DESCRIPTION OF THE TASK
Please keep to the lines below from the one with "Lemma sum_ea_step (p" through the one with "rewrite -mulr_sumr exchange_big /=.", and restate them word for word, ends included.

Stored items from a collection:
Definition hamming (n : nat) (x y : bits n) : nat := #|[set i | x i != y i]|.

(* probability that standard bit mutation (rate 1/n) turns x into y *)
Definition mutprob (R : realType) (n : nat) (x y : bits n) : R :=
  (n%:R^-1) ^+ (hamming x y) * (1 - n%:R^-1) ^+ (n - hamming x y).

(* one iteration of the (1+1) EA on OneMax, acting on distributions:
   from x, mutate to z; the new point is z if OneMax z >= OneMax x, else x. *)
Definition ea_step (R : realType) (n : nat) (p : bits n -> R) : bits n -> R :=
  fun y => \sum_(x : bits n) p x *
    \sum_(z : bits n) @mutprob R n x z *
      (if (if (onemax x <= onemax z)%N then z else x) == y then 1 else 0).

Definition ea_dist (R : realType) (n t : nat) : bits n -> R :=
  iter t (@ea_step R n) (fun _ => ((2 ^ n)%N%:R)^-1).

Definition expected_onemax (R : realType) (n t : nat) : R :=
  \sum_(x : bits n) @ea_dist R n t x * (onemax x)%:R.

From mathcomp Require Import all_boot all_order all_algebra.
From mathcomp Require Import all_classical all_reals all_analysis.
From mathcomp Require Import lra ring zify.
Set Implicit Arguments. Unset Strict Implicit. Unset Printing Implicit Defensive.
Import Order.TTheory GRing.Theory Num.Theory.
Local Open Scope classical_set_scope.
Local Open Scope ring_scope.

(* One iteration from a point with k one-bits gains in expectation at least
   phi(k) = (n - k)/n (1 - 1/n)^k: keep every one-bit and count the flipped
   zero-bits.  Any affine minorant a - b k of phi on [0, n] therefore gives the
   linear recurrence E[V_(t+1)] >= E[V_t] + a - b E[V_t].  The tangent of phi at
   n/2 has value about 1/(2 sqrt e) and slope O(1/n); from E[V_0] = n/2 it yields
   E[V_t] >= n/2 + t/(2 sqrt e) - O(t^2/n), whence the first two bounds.  The
   minorant phi(k) >= (n - k)/(e n) makes n - E[V_t] decay geometrically with
   ratio 1 - 1/(e n). *)

(* (1 - 1/n)^k / n is the probability of flipping a given zero-bit and no one-bit. *)
Definition drift_lb (R : realType) (n k : nat) : R :=
  (n - k)%:R * ((n%:R)^-1 * (1 - (n%:R)^-1) ^+ k).

Section Onemax.
Variable n : nat.

Lemma onemax_card (x : bits n) : onemax x = #|[pred i | x i]|.
Proof.
rewrite /onemax (bigID (fun i => x i)) /= [X in (_ + X)%N]big1 ?addn0.
  by rewrite -sum1_card; apply: eq_bigr => i ->.
by move=> i /negbTE ->.
Qed.

Lemma subn_onemax (x : bits n) : (n - onemax x)%N = #|[pred i | ~~ x i]|.
Proof.
have cardC1 := cardC [pred i | x i]; rewrite card_ord in cardC1.
by rewrite onemax_card -{1}cardC1 addKn; apply: eq_card.
Qed.

Lemma onemax_le (x : bits n) : (onemax x <= n)%N.
Proof. by rewrite onemax_card; apply: leq_trans (max_card _) _; rewrite card_ord. Qed.

Lemma onemax_negb (x : bits n) : onemax [ffun i => ~~ x i] = (n - onemax x)%N.
Proof. by rewrite subn_onemax onemax_card; apply: eq_card => i; rewrite !inE ffunE. Qed.

Lemma card_bits : #|{: bits n}| = (2 ^ n)%N.
Proof. by rewrite card_ffun card_bool card_ord. Qed.

End Onemax.

Section Mutation.
Variables (R : realType) (n : nat).
Local Notation q := (1 - (n%:R : R)^-1).

Lemma mutprobE (x z : bits n) :
  mutprob R x z = \prod_i (if x i == z i then q else (n%:R : R)^-1).
Proof.
rewrite (bigID (fun i => x i != z i)) /=.
rewrite (eq_bigr (fun=> (n%:R : R)^-1)); last by move=> i /negbTE ->.
rewrite [X in _ * X](eq_bigr (fun=> q)); last by move=> i; rewrite negbK => ->.
rewrite !prodr_const /mutprob /hamming cardsE; congr (_ * _ ^+ _).
have cardC1 := cardC [pred i | x i != z i]; rewrite card_ord in cardC1.
by rewrite -{1}cardC1 addKn; apply: eq_card.
Qed.

Lemma sum_bits_prod (G : 'I_n -> bool -> R) :
  \sum_(z : bits n) \prod_i G i (z i) = \prod_i (G i true + G i false).
Proof. by rewrite -bigA_distr_bigA /=; apply: eq_bigr => i _; rewrite big_bool. Qed.

Lemma sum_mutprob (x : bits n) : \sum_z mutprob R x z = 1.
Proof.
under eq_bigr do rewrite mutprobE.
rewrite (sum_bits_prod (fun i b => if x i == b then q else (n%:R : R)^-1)).
by apply: big1 => i _; case: (x i); rewrite /= ?subrK // addrC subrK.
Qed.

Lemma mutprob_ge0 (x z : bits n) : 0 <= mutprob R x z.
Proof.
have inv_le1 : (n%:R : R)^-1 <= 1.
  by case: (n) => [|k]; rewrite ?invr0 // invf_le1 // ler1n.
rewrite mutprobE; apply: prodr_ge0 => i _.
by case: ifP => _; rewrite ?subr_ge0 // invr_ge0.
Qed.

End Mutation.

Section Dynamics.
Variables (R : realType) (n : nat).
Local Notation q := (1 - (n%:R : R)^-1).
Local Notation E := (expected_onemax R n).

Lemma ea_distS t : @ea_dist R n t.+1 = ea_step (@ea_dist R n t).
Proof. exact: iterS. Qed.

Lemma ea_dist_ge0 t x : 0 <= @ea_dist R n t x.
Proof.
elim: t x => [|t IH] x; first by rewrite /ea_dist /= invr_ge0 ler0n.
rewrite ea_distS; apply: sumr_ge0 => y _; apply: mulr_ge0 => //.
apply: sumr_ge0 => z _; apply: mulr_ge0; first exact: mutprob_ge0.
by case: ifP.
Qed.

Lemma sum_indicator (T : finType) (a : T) (f : T -> R) :
  \sum_y (if a == y then 1 else 0) * f y = f a.
Proof.
rewrite (bigD1 a) //= eqxx mul1r big1 ?addr0 // => y /negbTE.
by rewrite eq_sym => ->; rewrite mul0r.
Qed.

Lemma sum_ea_step (p : bits n -> R) : \sum_y ea_step p y = \sum_x p x.
Proof.
have sum_indicator1 (a : bits n) : \sum_y (if a == y then 1 else 0) = 1 :> R.
  by rewrite (bigD1 a) //= eqxx big1 ?addr0 // => y /negbTE; rewrite eq_sym => ->.
rewrite /ea_step exchange_big /=; apply: eq_bigr => x _.
rewrite -mulr_sumr exchange_big /=.
under eq_bigr do rewrite -mulr_sumr sum_indicator1 mulr1.
by rewrite sum_mutprob mulr1.
Qed.

Lemma sum_ea_dist t : \sum_x @ea_dist R n t x = 1.
Proof.
elim: t => [|t IH]; last by rewrite ea_distS sum_ea_step.
rewrite /ea_dist /= sumr_const card_bits -(mulr_natl (((2 ^ n)%N%:R : R)^-1)).
by rewrite mulfV // pnatr_eq0 expn_eq0.
Qed.

Lemma sum_onemax : \sum_(x : bits n) ((onemax x)%:R : R) = n%:R * (2 ^ n)%N%:R / 2.
Proof.
have negb_inj : injective (fun x : bits n => [ffun i => ~~ x i]).
  by apply: (can_inj (g := fun x : bits n => [ffun i => ~~ x i])) => x;
     apply/ffunP => i; rewrite !ffunE negbK.
have sym : \sum_(x : bits n) ((onemax x)%:R : R)
         = \sum_(x : bits n) (n%:R - (onemax x)%:R).
  rewrite (reindex_inj negb_inj) /=; apply: eq_bigr => x _.
  by rewrite onemax_negb natrB ?onemax_le.
rewrite sumrB sumr_const card_bits -mulr_natl in sym.
apply: (canRL (mulfK _)); first by rewrite pnatr_eq0.
by rewrite mulr_natr mulr2n mulrDr mulr1 {1}sym subrK mulr1.
Qed.

Lemma expected_onemax0 : E 0 = n%:R / 2.
Proof.
rewrite /expected_onemax /ea_dist /= -mulr_sumr sum_onemax.
have h : ((2 ^ n)%N%:R : R) != 0 by rewrite pnatr_eq0 expn_eq0.
by field; rewrite h /= ?pnatr_eq0.
Qed.

Definition improvement (x z : bits n) : nat := (onemax z - onemax x)%N.

Definition drift (x : bits n) : R := \sum_z mutprob R x z * (improvement x z)%:R.

Lemma sum_ea_step_onemax (p : bits n -> R) :
  \sum_y ea_step p y * (onemax y)%:R = \sum_x p x * ((onemax x)%:R + drift x).
Proof.
have accepted z x : ((onemax (if (onemax x <= onemax z)%N then z else x))%:R : R)
    = (onemax x)%:R + (improvement x z)%:R.
  rewrite /improvement -natrD; case: leqP => h; first by rewrite subnKC.
  by move/ltnW: h; rewrite -subn_eq0 => /eqP ->; rewrite addn0.
rewrite /ea_step; under eq_bigr do rewrite mulr_suml.
rewrite exchange_big /=; apply: eq_bigr => x _.
under eq_bigr do rewrite -mulrA mulr_suml.
rewrite -mulr_sumr exchange_big /=; congr (_ * _).
under eq_bigr do (under eq_bigr do rewrite -mulrA; rewrite -mulr_sumr sum_indicator).
under eq_bigr do rewrite accepted mulrDr.
by rewrite big_split /= -mulr_suml sum_mutprob mul1r.
Qed.

(* The product is the indicator that [z] keeps every one-bit of [x]; on that event
   the improvement is the number of flipped zero-bits. *)
Lemma flipped_zeros_le_improvement (x z : bits n) :
  (\prod_(j | x j) ((z j : nat)%:R : R)) * \sum_(i | ~~ x i) ((z i : nat)%:R)
  <= (improvement x z)%:R.
Proof.
case: (boolP [forall j, x j ==> z j]) => [/forallP keep | /forallPn [j]].
  rewrite big1 ?mul1r; last by move=> j xj; move: (keep j); rewrite xj /= => ->.
  rewrite -natr_sum ler_nat /improvement.
  have -> : onemax z = (\sum_(i | x i) z i + \sum_(i | ~~ x i) z i)%N.
    by rewrite /onemax (bigID (fun i => x i)).
  have -> : onemax x = (\sum_(i | x i) z i)%N.
    rewrite onemax_card -sum1_card; apply: eq_big => // i; rewrite ?inE /= => xi.
    by move: (keep i); rewrite xi /= => ->.
  by rewrite addKn.
by rewrite negb_imply => /andP [xj zj]; rewrite (bigD1 j) //= (negbTE zj) !mul0r.
Qed.

Lemma sum_mutprob_keep_ones_flip (x : bits n) (i : 'I_n) : ~~ x i ->
  \sum_z mutprob R x z * (\prod_(j | x j) ((z j : nat)%:R : R)) * (z i : nat)%:R
  = (n%:R : R)^-1 * q ^+ onemax x.
Proof.
move=> xi.
pose G j (b : bool) := (if x j == b then q else (n%:R : R)^-1) *
   (if x j then (b : nat)%:R else 1) * (if j == i then (b : nat)%:R else 1).
have factor z : mutprob R x z * (\prod_(j | x j) ((z j : nat)%:R : R))
    * (z i : nat)%:R = \prod_j G j (z j).
  rewrite /G !big_split /= mutprobE -big_mkcond; congr (_ * _).
  by rewrite -big_mkcond /= big_pred1_eq.
under eq_bigr do rewrite factor.
rewrite sum_bits_prod (eq_bigr (fun j => if x j then q
                                 else if j == i then (n%:R : R)^-1 else 1)); last first.
  move=> j _; rewrite /G; case: (boolP (x j)) => xj /=.
    have -> : (j == i) = false by apply/eqP => ji; move: xi; rewrite -ji xj.
    by rewrite !mulr1 mulr0 addr0.
  by case: (j == i); rewrite /= !mulr1 ?mulr0 ?addr0 ?add0r // addrC subrK.
rewrite (bigID (fun j => x j)) /= mulrC; congr (_ * _).
  rewrite (bigD1 i) //= eqxx (negbTE xi) big1 ?mulr1 //.
  by move=> j /andP [/negbTE -> /negbTE ->].
by rewrite (eq_bigr (fun=> q)) ?prodr_const ?onemax_card // => j ->.
Qed.

Lemma drift_lb_le_drift (x : bits n) : drift_lb R n (onemax x) <= drift x.
Proof.
apply: (@le_trans _ _ (\sum_z mutprob R x z * ((\prod_(j | x j) ((z j : nat)%:R : R))
                                       * \sum_(i | ~~ x i) ((z i : nat)%:R)))).
  under eq_bigr do rewrite mulrA mulr_sumr.
  rewrite exchange_big /= (eq_bigr (fun=> (n%:R : R)^-1 * q ^+ onemax x)).
    by rewrite sumr_const /drift_lb subn_onemax mulr_natl.
  by move=> i xi; rewrite sum_mutprob_keep_ones_flip.
apply: ler_sum => z _; apply: ler_wpM2l; first exact: mutprob_ge0.
exact: flipped_zeros_le_improvement.
Qed.

Lemma expected_onemaxS_ge (a b : R) t :
  (forall k, (k <= n)%N -> a - b * k%:R <= drift_lb R n k) ->
  E t + (a - b * E t) <= E t.+1.
Proof.
move=> affine_le.
have -> : a - b * E t = \sum_x @ea_dist R n t x * (a - b * (onemax x)%:R).
  under [RHS]eq_bigr do rewrite mulrBr mulrCA.
  by rewrite sumrB -mulr_suml -mulr_sumr sum_ea_dist mul1r.
rewrite /expected_onemax ea_distS sum_ea_step_onemax -big_split /=.
apply: ler_sum => x _; rewrite -mulrDr ler_wpM2l ?ea_dist_ge0 // lerD2l.
exact: le_trans (affine_le _ (onemax_le x)) (drift_lb_le_drift x).
Qed.

End Dynamics.

Lemma bernoulli_ineq (R : realDomainType) (u : R) (j : nat) :
  0 <= u <= 1 -> 1 - j%:R * u <= (1 - u) ^+ j.
Proof.
case/andP => u0 u1; elim: j => [|j IH]; first by rewrite mul0r subr0 expr0.
rewrite exprS; apply: le_trans (ler_wpM2l _ IH); last by rewrite subr_ge0.
by rewrite -natr1; have := mulr_ge0 (ler0n R j) (mulr_ge0 u0 u0); lra.
Qed.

REPLY
Lemma sum_ea_step (p : bits n -> R) : \sum_y ea_step p y = \sum_x p x.
Proof.
have sum_indicator1 (a : bits n) : \sum_y (if a == y then 1 else 0) = 1 :> R.
  by rewrite (bigD1 a) //= eqxx big1 ?addr0 // => y /negbTE; rewrite eq_sym => ->.
rewrite /ea_step exchange_big /=; apply: eq_bigr => x _.
rewrite -mulr_sumr exchange_big /=.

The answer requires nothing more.